A number of British intelligence staff have been sacked for inappropriately accessing personal information, it has emerged.
The revelation came in a long-awaited parliamentary report which was announced after whistle-blower Edward Snowden exposed mass surveillance techniques used by GCHQ and its US counterpart.
The Intelligence and Security Committee (ISC) inquiry recommended a single law be introduced to regulate the UK's intelligence agencies and their powers to snoop on private communications.
The ISC report concludes that the legal framework governing GCHQ, MI5 and MI6 is "unnecessarily complicated" and "lacks transparency".

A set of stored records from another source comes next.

(* Let $\mathbf Z$ be the full subcategory of monoidal categories that are monoidally equivalent to the terminal monoidal category $\mathbf 1$ (equivalently, monoidal categories in which between any two objects there is exactly one morphism). Then $\mathbf Z$ is a reflective and coreflective subcategory both of the category $\mathbf{MC}$ of small monoidal categories and strong monoidal functors, and of the category $\mathbf{SMC}$ of small symmetric monoidal categories and symmetric strong monoidal functors. For every monoidal category $\mathcal M$, the functor $\eta_{\mathcal M}\colon\mathcal M\to R(\mathcal M)$ is the reflection of $\mathcal M$ into $\mathbf Z$ and the functor $\epsilon_{\mathcal M}\colon S(\mathcal M)\to\mathcal M$ is the coreflection of $\mathcal M$ into $\mathbf Z$.
   Context: Let $(\mathcal M,\otimes,I,a,\ell,r)$ be a monoidal category. $R(\mathcal M)$ is the monoidal category with the same objects as $\mathcal M$, exactly one morphism between any two objects, tensor product on objects as in $\mathcal M$ and unit $I$; $\eta_{\mathcal M}\colon\mathcal M\to R(\mathcal M)$ is the unique functor which is the identity on objects (it is strong monoidal, and symmetric when $\mathcal M$ is symmetric). $S(\mathcal M)$ is the monoidal category whose objects are pairs $(X,x)$ with $X$ an object of $\mathcal M$ and $x\colon X\to I$ an isomorphism; a morphism $(X,x)\to(Y,y)$ is a morphism $f\colon X\to Y$ of $\mathcal M$ with $y\circ f=x$ (so it is uniquely $y^{-1}x$); composition and identities as in $\mathcal M$; $(X,x)\otimes(Y,y)=(X\otimes Y,\ \ell_I\circ(x\otimes y))$ where $\ell_I=r_I\colon I\otimes I\to I$; tensor of morphisms as in $\mathcal M$; unit $(I,\mathrm{id}_I)$; associators and unitors as in $\mathcal M$. $\epsilon_{\mathcal M}\colon S(\mathcal M)\to\mathcal M$ sends $(X,x)\mapsto X$ and $f\mapsto f$ (strong monoidal, symmetric when $\mathcal M$ is symmetric). All categories are regarded as 1-categories. *)

From Stdlib Require Import ProofIrrelevance.

Set Implicit Arguments.
Unset Strict Implicit.

Record Cat := {
  ob :> Type;
  hom : ob -> ob -> Type;
  idm : forall X, hom X X;
  comp : forall {X Y Z}, hom Y Z -> hom X Y -> hom X Z;
  comp_idl : forall X Y (f : hom X Y), comp (idm Y) f = f;
  comp_idr : forall X Y (f : hom X Y), comp f (idm X) = f;
  comp_assoc : forall W X Y Z (h : hom Y Z) (g : hom X Y) (f : hom W X),
      comp h (comp g f) = comp (comp h g) f }.

Arguments hom {c} _ _.
Arguments idm {c} X.
Arguments comp {c X Y Z} _ _.

Notation "g ∘ f" := (comp g f) (at level 40, left associativity).

Definition is_iso (C : Cat) (X Y : C) (f : hom X Y) : Prop :=
  exists g : hom Y X, g ∘ f = idm X /\ f ∘ g = idm Y.

Definition tr (C : Cat) (A A' B B' : C) (ea : A = A') (eb : B = B')
  (f : hom A B) : hom A' B' :=
  match ea in _ = A1, eb in _ = B1 return hom A1 B1 with
  | eq_refl, eq_refl => f end.

(* Monoidal categories.  Besides pentagon and triangle we include
   Mac Lane's original axiom l_I = r_I (redundant by Kelly 1964, so the
   class of monoidal categories is unchanged).                          *)

Record MonCat := {
  mcat :> Cat;
  tens : mcat -> mcat -> mcat;
  tensf : forall {X X' Y Y' : mcat}, hom X X' -> hom Y Y' ->
            hom (tens X Y) (tens X' Y');
  tens_id : forall X Y : mcat, tensf (idm X) (idm Y) = idm (tens X Y);
  tens_comp : forall (X X' X'' Y Y' Y'' : mcat) (f : hom X X') (f' : hom X' X'')
      (g : hom Y Y') (g' : hom Y' Y''),
      tensf (f' ∘ f) (g' ∘ g) = tensf f' g' ∘ tensf f g;
  munit : mcat;
  assoc : forall X Y Z : mcat, hom (tens (tens X Y) Z) (tens X (tens Y Z));
  assoc_iso : forall X Y Z, is_iso (assoc X Y Z);
  assoc_nat : forall (X X' Y Y' Z Z' : mcat) (f : hom X X') (g : hom Y Y')
      (h : hom Z Z'),
      assoc X' Y' Z' ∘ tensf (tensf f g) h = tensf f (tensf g h) ∘ assoc X Y Z;
  lu : forall X : mcat, hom (tens munit X) X;
  lu_iso : forall X, is_iso (lu X);
  lu_nat : forall (X Y : mcat) (f : hom X Y), f ∘ lu X = lu Y ∘ tensf (idm munit) f;
  ru : forall X : mcat, hom (tens X munit) X;
  ru_iso : forall X, is_iso (ru X);
  ru_nat : forall (X Y : mcat) (f : hom X Y), f ∘ ru X = ru Y ∘ tensf f (idm munit);
  pentagon : forall W X Y Z : mcat,
      tensf (idm W) (assoc X Y Z) ∘ assoc W (tens X Y) Z ∘ tensf (assoc W X Y) (idm Z)
      = assoc W X (tens Y Z) ∘ assoc (tens W X) Y Z;
  triangle : forall X Y : mcat,
      tensf (idm X) (lu Y) ∘ assoc X munit Y = tensf (ru X) (idm Y);
  lu_ru_unit : lu munit = ru munit }.

Arguments tens {m} _ _.
Arguments tensf {m X X' Y Y'} _ _.
Arguments munit m : clear implicits.
Arguments assoc {m} X Y Z.
Arguments lu {m} X.
Arguments ru {m} X.

Notation "X ⊗ Y" := (tens X Y) (at level 35, right associativity).
Notation "f ⊗m g" := (tensf f g) (at level 35, right associativity).

Record SymMonCat := {
  smc :> MonCat;
  braid : forall X Y : smc, hom (X ⊗ Y) (Y ⊗ X);
  braid_nat : forall (X X' Y Y' : smc) (f : hom X X') (g : hom Y Y'),
      braid X' Y' ∘ (f ⊗m g) = (g ⊗m f) ∘ braid X Y;
  braid_invol : forall X Y : smc, braid Y X ∘ braid X Y = idm (X ⊗ Y);
  hexagon : forall X Y Z : smc,
      assoc Y Z X ∘ braid X (Y ⊗ Z) ∘ assoc X Y Z
      = (idm Y ⊗m braid X Z) ∘ assoc Y X Z ∘ (braid X Y ⊗m idm Z);
  braid_unit : forall X : smc, ru X = lu X ∘ braid X (munit smc) }.

Arguments braid {s} X Y.

Record MonFun (M N : MonCat) := {
  fob : M -> N;
  fmap : forall X Y : M, hom X Y -> hom (fob X) (fob Y);
  fmap_id : forall X : M, fmap (idm X) = idm (fob X);
  fmap_comp : forall (X Y Z : M) (g : hom Y Z) (f : hom X Y),
      fmap (g ∘ f) = fmap g ∘ fmap f;
  fmu : forall X Y : M, hom (fob X ⊗ fob Y) (fob (X ⊗ Y));
  fmu_iso : forall X Y, is_iso (fmu X Y);
  fmu_nat : forall (X X' Y Y' : M) (f : hom X X') (g : hom Y Y'),
      fmap (f ⊗m g) ∘ fmu X Y = fmu X' Y' ∘ (fmap f ⊗m fmap g);
  feps : hom (munit N) (fob (munit M));
  feps_iso : is_iso feps;
  fassoc : forall X Y Z : M,
      fmap (assoc X Y Z) ∘ fmu (X ⊗ Y) Z ∘ (fmu X Y ⊗m idm (fob Z))
      = fmu X (Y ⊗ Z) ∘ (idm (fob X) ⊗m fmu Y Z) ∘ assoc (fob X) (fob Y) (fob Z);
  flu : forall X : M,
      fmap (lu X) ∘ fmu (munit M) X ∘ (feps ⊗m idm (fob X)) = lu (fob X);
  fru : forall X : M,
      fmap (ru X) ∘ fmu X (munit M) ∘ (idm (fob X) ⊗m feps) = ru (fob X) }.

Arguments fob {M N} m _.
Arguments fmap {M N} m {X Y} _.
Arguments fmu {M N} m X Y.
Arguments feps {M N} m.

Definition is_sym (M N : SymMonCat) (F : MonFun M N) : Prop :=
  forall X Y : M, fmap F (braid X Y) ∘ fmu F X Y = fmu F Y X ∘ braid (fob F X) (fob F Y).

(* Equality (in the 1-category MC) of a strong monoidal functor H with a
   strong monoidal functor given by its data (F0, F1, mu, e0):
   equal object maps, and equal morphism maps / structure maps
   (after transport along the object equalities). *)
Definition mf_eq_data (M N : MonCat) (F0 : M -> N)
  (F1 : forall X Y : M, hom X Y -> hom (F0 X) (F0 Y))
  (mu : forall X Y : M, hom (F0 X ⊗ F0 Y) (F0 (X ⊗ Y)))
  (e0 : hom (munit N) (F0 (munit M))) (H : MonFun M N) : Prop :=
  exists e : forall X : M, F0 X = fob H X,
    (forall (X Y : M) (f : hom X Y), tr (e X) (e Y) (F1 X Y f) = fmap H f) /\
    (forall X Y : M,
        tr (f_equal2 (@tens N) (e X) (e Y)) (e (X ⊗ Y)) (mu X Y) = fmu H X Y) /\
    tr eq_refl (e (munit M)) e0 = feps H.

Arguments mf_eq_data {M N} F0 F1 mu e0 H.

Definition mf_eq (M N : MonCat) (F H : MonFun M N) : Prop :=
  mf_eq_data (fob F) (fun X Y f => fmap F f) (fmu F) (feps F) H.

Definition mf_comp_eq (L M N : MonCat) (G : MonFun M N) (F : MonFun L M)
  (H : MonFun L N) : Prop :=
  mf_eq_data (fun X => fob G (fob F X)) (fun X Y f => fmap G (fmap F f))
    (fun X Y => fmap G (fmu F X Y) ∘ fmu G (fob F X) (fob F Y))
    (fmap G (feps F) ∘ feps G) H.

But the inquiry found the intelligence agencies were not trying to cheat the law through mass surveillance programmes.
When asked by Sky News for further details about why intelligence staff were sacked, the committee's spokeswoman MP Hazel Blears replied: "I think we say in the report that these incidents have been extremely rare.
"We also recommend in our report that these matters should be a criminal offence because we regard this as extremely serious indeed.
"If you're trying to get public confidence around privacy then if someone breaches the rules then there ought to be severe sanctions for that kind of breach.
"We're not in a position today to give you the detailed information ... but I think the fact the committee recommends it be a criminal offence gives an indication of how seriously we take it."
The committee said thousands of private communications are read by GCHQ spies on a daily basis using bulk interception methods.
In a section of the report that is heavily redacted, the committee said it is "unavoidable that some innocent communications may have been incidentally collected".
Ms Blears said: "There is a legitimate public expectation of openness and transparency in today's society, and the security and intelligence agencies are not exempt from that.
"While we accept that they need to operate in secret if they are to be able to protect us from those who are plotting in secret to harm us, the Government must make every effort to ensure that information is placed in the public domain when it is safe to do so.
"This report is an important first step toward greater transparency.
"Nevertheless, there is more that could and should be done.
"This is essential to improve public understanding and retain confidence in the vital work of the intelligence and security agencies."
Ms Blears was speaking on behalf of the committee after Sir Malcom Rifkind resigned as its chair following a cash-for-access controversy.
Shami Chakrabarti, director of rights campaign group Liberty, said: "The ISC has repeatedly shown itself as a simple mouthpiece for the spooks - so clueless and ineffective that it's only thanks to Edward Snowden that it had the slightest clue of the agencies' antics.
"The committee calls this report a landmark for 'openness and transparency' - but how do we trust agencies who have acted unlawfully, hacked the world's largest Sim card manufacturer and developed technologies capable of collecting our login details and passwords, manipulating our mobile devices and hacking our computers and webcams?
"No doubt it would be simpler if we went along with the spies' motto of 'no scrutiny for us, no privacy for you' - but what an appalling deal for the British public."